- [Assignment]
Copy each of the records exactly; leave nothing out.
☆ ☆ ☆
(* Let $f:\mathbb{R}^n\to\mathbb{R}$ be a convex, continuously differentiable function whose gradient is locally $\nu$-Hölder for some $\nu\in(0,1]$, and assume $\mathcal{X}^*:=\arg\min_{x\in\mathbb{R}^n} f(x)\neq\emptyset$ with optimal value $f^*$. Let $x^0\in\mathbb{R}^n$ be such that the level set $\Lambda(x^0):=\{x\in\mathbb{R}^n: f(x)\le f(x^0)\}$ is bounded. Let $r:=\max\{\|x\|: x\in\Lambda(x^0)\}$, $\bar r:=(1+2(1+\nu)^{1/\nu})r$, $\Omega:=\overline{B}(0;\bar r)$, and let $L_\Omega>0$ be a constant with $\|\nabla f(x)-\nabla f(y)\|\le L_\Omega\|x-y\|^\nu$ for all $x,y\in\Omega$. Let $(x^k)_{k\ge0}$ be generated by $$x^{k+1}=x^k-\alpha_k\|\nabla f(x^k)\|^{\frac{1-\nu}{\nu}}\nabla f(x^k),\qquad \alpha_k\in\Big(0,\big(\tfrac{1+\nu}{L_\Omega}\big)^{1/\nu}\Big].$$ Then: (a) $x^k\in\Lambda(x^0)$ for all $k$, and for all $k\in\mathbb{N}_0$, $$f(x^{k+1})\le f(x^k)-\Big(\alpha_k-\tfrac{L_\Omega}{1+\nu}\alpha_k^{1+\nu}\Big)\|\nabla f(x^k)\|^{\frac{1+\nu}{\nu}},$$ and $f(x^{k+1})\le f(x^k)$ for all $k\in\mathbb{N}_0$; (b) if moreover $\alpha_k\in\big(0,\tfrac{4\nu}{(1+\nu)L_\Omega^{1/\nu}}\big]$ for all $k$, then for every $x^*\in\mathcal{X}^*$ and all $k\in\mathbb{N}_0$, $$\|x^{k+1}-x^*\|^2\le\|x^k-x^*\|^2-\Big(\tfrac{4\nu\alpha_k}{(1+\nu)L_\Omega^{1/\nu}}-\alpha_k^2\Big)\|\nabla f(x^k)\|^{\frac{2}{\nu}},$$ and $\|x^{k+1}-x^*\|\le\|x^k-x^*\|$ for all $k\in\mathbb{N}_0$; (c) the coefficient $\alpha\mapsto \alpha-\tfrac{L_\Omega}{1+\nu}\alpha^{1+\nu}$ in (a) is maximized over $\big(0,(\tfrac{1+\nu}{L_\Omega})^{1/\nu}\big]$ at $\alpha=1/L_\Omega^{1/\nu}$, and the coefficient $\alpha\mapsto\tfrac{4\nu\alpha}{(1+\nu)L_\Omega^{1/\nu}}-\alpha^2$ in (b) is maximized over $\big(0,\tfrac{4\nu}{(1+\nu)L_\Omega^{1/\nu}}\big]$ at $\alpha=\tfrac{2\nu}{(1+\nu)L_\Omega^{1/\nu}}$.
   Context: A map $F$ is locally $\nu$-Hölder if every point has a neighbourhood $B(\bar x;\delta)$ and a constant $L>0$ with $\|F(x)-F(y)\|\le L\|x-y\|^\nu$ on it. $\overline{B}(0;\rho)$ denotes the closed Euclidean ball of radius $\rho$ centred at $0$; $\mathbb{N}_0=\{0,1,2,\dots\}$. Since $\nabla f$ is locally $\nu$-Hölder and $\Omega$ is compact, such a constant $L_\Omega$ exists. *)

From HB Require Import structures.
From mathcomp Require Import all_boot all_order all_algebra.
From mathcomp Require Import all_classical all_reals all_analysis.
Set Implicit Arguments. Unset Strict Implicit. Unset Printing Implicit Defensive.
Import Order.TTheory GRing.Theory Num.Theory.
Import numFieldNormedType.Exports.
Local Open Scope ring_scope.

(* Euclidean inner product and Euclidean norm on R^n = 'rV[R]_n
   (the library's norm on 'rV is the max-norm, so we define the Euclidean one). *)
Definition dotv {R : realType} {n : nat} (u v : 'rV[R]_n) : R :=
  \sum_(i < n) u ord0 i * v ord0 i.

Definition enorm {R : realType} {n : nat} (u : 'rV[R]_n) : R :=
  Num.sqrt (dotv u u).

Definition convex_fun {R : realType} {n : nat} (f : 'rV[R]_n -> R) : Prop :=
  forall (x y : 'rV[R]_n) (t : R), 0 <= t -> t <= 1 ->
    f ((1 - t) *: x + t *: y) <= (1 - t) * f x + t * f y.

Definition is_gradient {R : realType} {n : nat}
  (f : 'rV[R]_n -> R) (gf : 'rV[R]_n -> 'rV[R]_n) : Prop :=
  forall x : 'rV[R]_n, differentiable f x /\
    forall v : 'rV[R]_n, 'd f x v = dotv (gf x) v.

Definition locally_holder {R : realType} {n : nat}
  (F : 'rV[R]_n -> 'rV[R]_n) (nu : R) : Prop :=
  forall xb : 'rV[R]_n, exists delta : R, exists L : R, 0 < delta /\ 0 < L /\
    forall x y : 'rV[R]_n, enorm (x - xb) < delta -> enorm (y - xb) < delta ->
      enorm (F x - F y) <= L * powR (enorm (x - y)) nu.

From HB Require Import structures.
From mathcomp Require Import all_boot all_order all_algebra.
From mathcomp Require Import all_classical all_reals all_analysis.
From mathcomp Require Import ring lra.
Import Order.TTheory GRing.Theory Num.Theory.
Import numFieldNormedType.Exports.
Local Open Scope ring_scope.

(* Integrating the Hoelder bound on the gradient along a segment gives the
   descent inequality f y <= f x + <grad f x, y - x> + L/(1+nu) |y - x|^(1+nu)
   for x, y in Omega.  A minimiser lies in Lambda(x0) and has zero gradient,
   so |grad f| <= L (2r)^nu on Lambda(x0) and every admissible step has length
   at most 2 (1+nu)^(1/nu) r: this is why Omega has radius rbar, and the
   descent inequality then gives (a) and, by induction, keeps the iterates in
   Lambda(x0).  For (b), the descent inequality at x* along + s grad f y,
   convexity at y and (a) for the step 1/L^(1/nu) combine into
   <grad f y, y - x*> >= 2 nu / ((1+nu) L^(1/nu)) |grad f y|^((1+nu)/nu),
   and expanding |y - s grad f y - x*|^2 gives (b).  Part (c) is Young's
   inequality for the first coefficient and completing the square for the
   second. *)

Section Euclidean.
Context {R : realType} {n : nat}.
Implicit Types u v w : 'rV[R]_n.

Lemma dotvC u v : dotv u v = dotv v u.
Proof. by apply: eq_bigr => i _; rewrite mulrC. Qed.

Lemma dotvDr u v w : dotv u (v + w) = dotv u v + dotv u w.
Proof. by rewrite /dotv -big_split; apply: eq_bigr => i _; rewrite mxE mulrDr. Qed.

Lemma dotvZr (a : R) u v : dotv u (a *: v) = a * dotv u v.
Proof. by rewrite /dotv mulr_sumr; apply: eq_bigr => i _; rewrite mxE mulrCA. Qed.

Lemma dotvNr u v : dotv u (- v) = - dotv u v.
Proof. by rewrite -scaleN1r dotvZr mulN1r. Qed.

Lemma dotvBr u v w : dotv u (v - w) = dotv u v - dotv u w.
Proof. by rewrite dotvDr dotvNr. Qed.

Lemma dotvDl u v w : dotv (v + w) u = dotv v u + dotv w u.
Proof. by rewrite dotvC dotvDr !(dotvC u). Qed.

Lemma dotvZl (a : R) u v : dotv (a *: v) u = a * dotv v u.
Proof. by rewrite dotvC dotvZr dotvC. Qed.

Lemma dotvBl u v w : dotv (v - w) u = dotv v u - dotv w u.
Proof. by rewrite dotvC dotvBr !(dotvC u). Qed.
☆ ☆ ☆
- [Final answer]
(* Let $f:\mathbb{R}^n\to\mathbb{R}$ be a convex, continuously differentiable function whose gradient is locally $\nu$-Hölder for some $\nu\in(0,1]$, and assume $\mathcal{X}^*:=\arg\min_{x\in\mathbb{R}^n} f(x)\neq\emptyset$ with optimal value $f^*$. Let $x^0\in\mathbb{R}^n$ be such that the level set $\Lambda(x^0):=\{x\in\mathbb{R}^n: f(x)\le f(x^0)\}$ is bounded. Let $r:=\max\{\|x\|: x\in\Lambda(x^0)\}$, $\bar r:=(1+2(1+\nu)^{1/\nu})r$, $\Omega:=\overline{B}(0;\bar r)$, and let $L_\Omega>0$ be a constant with $\|\nabla f(x)-\nabla f(y)\|\le L_\Omega\|x-y\|^\nu$ for all $x,y\in\Omega$. Let $(x^k)_{k\ge0}$ be generated by $$x^{k+1}=x^k-\alpha_k\|\nabla f(x^k)\|^{\frac{1-\nu}{\nu}}\nabla f(x^k),\qquad \alpha_k\in\Big(0,\big(\tfrac{1+\nu}{L_\Omega}\big)^{1/\nu}\Big].$$ Then: (a) $x^k\in\Lambda(x^0)$ for all $k$, and for all $k\in\mathbb{N}_0$, $$f(x^{k+1})\le f(x^k)-\Big(\alpha_k-\tfrac{L_\Omega}{1+\nu}\alpha_k^{1+\nu}\Big)\|\nabla f(x^k)\|^{\frac{1+\nu}{\nu}},$$ and $f(x^{k+1})\le f(x^k)$ for all $k\in\mathbb{N}_0$; (b) if moreover $\alpha_k\in\big(0,\tfrac{4\nu}{(1+\nu)L_\Omega^{1/\nu}}\big]$ for all $k$, then for every $x^*\in\mathcal{X}^*$ and all $k\in\mathbb{N}_0$, $$\|x^{k+1}-x^*\|^2\le\|x^k-x^*\|^2-\Big(\tfrac{4\nu\alpha_k}{(1+\nu)L_\Omega^{1/\nu}}-\alpha_k^2\Big)\|\nabla f(x^k)\|^{\frac{2}{\nu}},$$ and $\|x^{k+1}-x^*\|\le\|x^k-x^*\|$ for all $k\in\mathbb{N}_0$; (c) the coefficient $\alpha\mapsto \alpha-\tfrac{L_\Omega}{1+\nu}\alpha^{1+\nu}$ in (a) is maximized over $\big(0,(\tfrac{1+\nu}{L_\Omega})^{1/\nu}\big]$ at $\alpha=1/L_\Omega^{1/\nu}$, and the coefficient $\alpha\mapsto\tfrac{4\nu\alpha}{(1+\nu)L_\Omega^{1/\nu}}-\alpha^2$ in (b) is maximized over $\big(0,\tfrac{4\nu}{(1+\nu)L_\Omega^{1/\nu}}\big]$ at $\alpha=\tfrac{2\nu}{(1+\nu)L_\Omega^{1/\nu}}$.
   Context: A map $F$ is locally $\nu$-Hölder if every point has a neighbourhood $B(\bar x;\delta)$ and a constant $L>0$ with $\|F(x)-F(y)\|\le L\|x-y\|^\nu$ on it. $\overline{B}(0;\rho)$ denotes the closed Euclidean ball of radius $\rho$ centred at $0$; $\mathbb{N}_0=\{0,1,2,\dots\}$. Since $\nabla f$ is locally $\nu$-Hölder and $\Omega$ is compact, such a constant $L_\Omega$ exists. *)

From HB Require Import structures.
From mathcomp Require Import all_boot all_order all_algebra.
From mathcomp Require Import all_classical all_reals all_analysis.
Set Implicit Arguments. Unset Strict Implicit. Unset Printing Implicit Defensive.
Import Order.TTheory GRing.Theory Num.Theory.
Import numFieldNormedType.Exports.
Local Open Scope ring_scope.

(* Euclidean inner product and Euclidean norm on R^n = 'rV[R]_n
   (the library's norm on 'rV is the max-norm, so we define the Euclidean one). *)
Definition dotv {R : realType} {n : nat} (u v : 'rV[R]_n) : R :=
  \sum_(i < n) u ord0 i * v ord0 i.

Definition enorm {R : realType} {n : nat} (u : 'rV[R]_n) : R :=
  Num.sqrt (dotv u u).

Definition convex_fun {R : realType} {n : nat} (f : 'rV[R]_n -> R) : Prop :=
  forall (x y : 'rV[R]_n) (t : R), 0 <= t -> t <= 1 ->
    f ((1 - t) *: x + t *: y) <= (1 - t) * f x + t * f y.

Definition is_gradient {R : realType} {n : nat}
  (f : 'rV[R]_n -> R) (gf : 'rV[R]_n -> 'rV[R]_n) : Prop :=
  forall x : 'rV[R]_n, differentiable f x /\
    forall v : 'rV[R]_n, 'd f x v = dotv (gf x) v.

Definition locally_holder {R : realType} {n : nat}
  (F : 'rV[R]_n -> 'rV[R]_n) (nu : R) : Prop :=
  forall xb : 'rV[R]_n, exists delta : R, exists L : R, 0 < delta /\ 0 < L /\
    forall x y : 'rV[R]_n, enorm (x - xb) < delta -> enorm (y - xb) < delta ->
      enorm (F x - F y) <= L * powR (enorm (x - y)) nu.

From HB Require Import structures.
From mathcomp Require Import all_boot all_order all_algebra.
From mathcomp Require Import all_classical all_reals all_analysis.
From mathcomp Require Import ring lra.
Import Order.TTheory GRing.Theory Num.Theory.
Import numFieldNormedType.Exports.
Local Open Scope ring_scope.

(* Integrating the Hoelder bound on the gradient along a segment gives the
   descent inequality f y <= f x + <grad f x, y - x> + L/(1+nu) |y - x|^(1+nu)
   for x, y in Omega.  A minimiser lies in Lambda(x0) and has zero gradient,
   so |grad f| <= L (2r)^nu on Lambda(x0) and every admissible step has length
   at most 2 (1+nu)^(1/nu) r: this is why Omega has radius rbar, and the
   descent inequality then gives (a) and, by induction, keeps the iterates in
   Lambda(x0).  For (b), the descent inequality at x* along + s grad f y,
   convexity at y and (a) for the step 1/L^(1/nu) combine into
   <grad f y, y - x*> >= 2 nu / ((1+nu) L^(1/nu)) |grad f y|^((1+nu)/nu),
   and expanding |y - s grad f y - x*|^2 gives (b).  Part (c) is Young's
   inequality for the first coefficient and completing the square for the
   second. *)

Section Euclidean.
Context {R : realType} {n : nat}.
Implicit Types u v w : 'rV[R]_n.

Lemma dotvC u v : dotv u v = dotv v u.
Proof. by apply: eq_bigr => i _; rewrite mulrC. Qed.

Lemma dotvDr u v w : dotv u (v + w) = dotv u v + dotv u w.
Proof. by rewrite /dotv -big_split; apply: eq_bigr => i _; rewrite mxE mulrDr. Qed.

Lemma dotvZr (a : R) u v : dotv u (a *: v) = a * dotv u v.
Proof. by rewrite /dotv mulr_sumr; apply: eq_bigr => i _; rewrite mxE mulrCA. Qed.

Lemma dotvNr u v : dotv u (- v) = - dotv u v.
Proof. by rewrite -scaleN1r dotvZr mulN1r. Qed.

Lemma dotvBr u v w : dotv u (v - w) = dotv u v - dotv u w.
Proof. by rewrite dotvDr dotvNr. Qed.

Lemma dotvDl u v w : dotv (v + w) u = dotv v u + dotv w u.
Proof. by rewrite dotvC dotvDr !(dotvC u). Qed.

Lemma dotvZl (a : R) u v : dotv (a *: v) u = a * dotv v u.
Proof. by rewrite dotvC dotvZr dotvC. Qed.

Lemma dotvBl u v w : dotv (v - w) u = dotv v u - dotv w u.
Proof. by rewrite dotvC dotvBr !(dotvC u). Qed.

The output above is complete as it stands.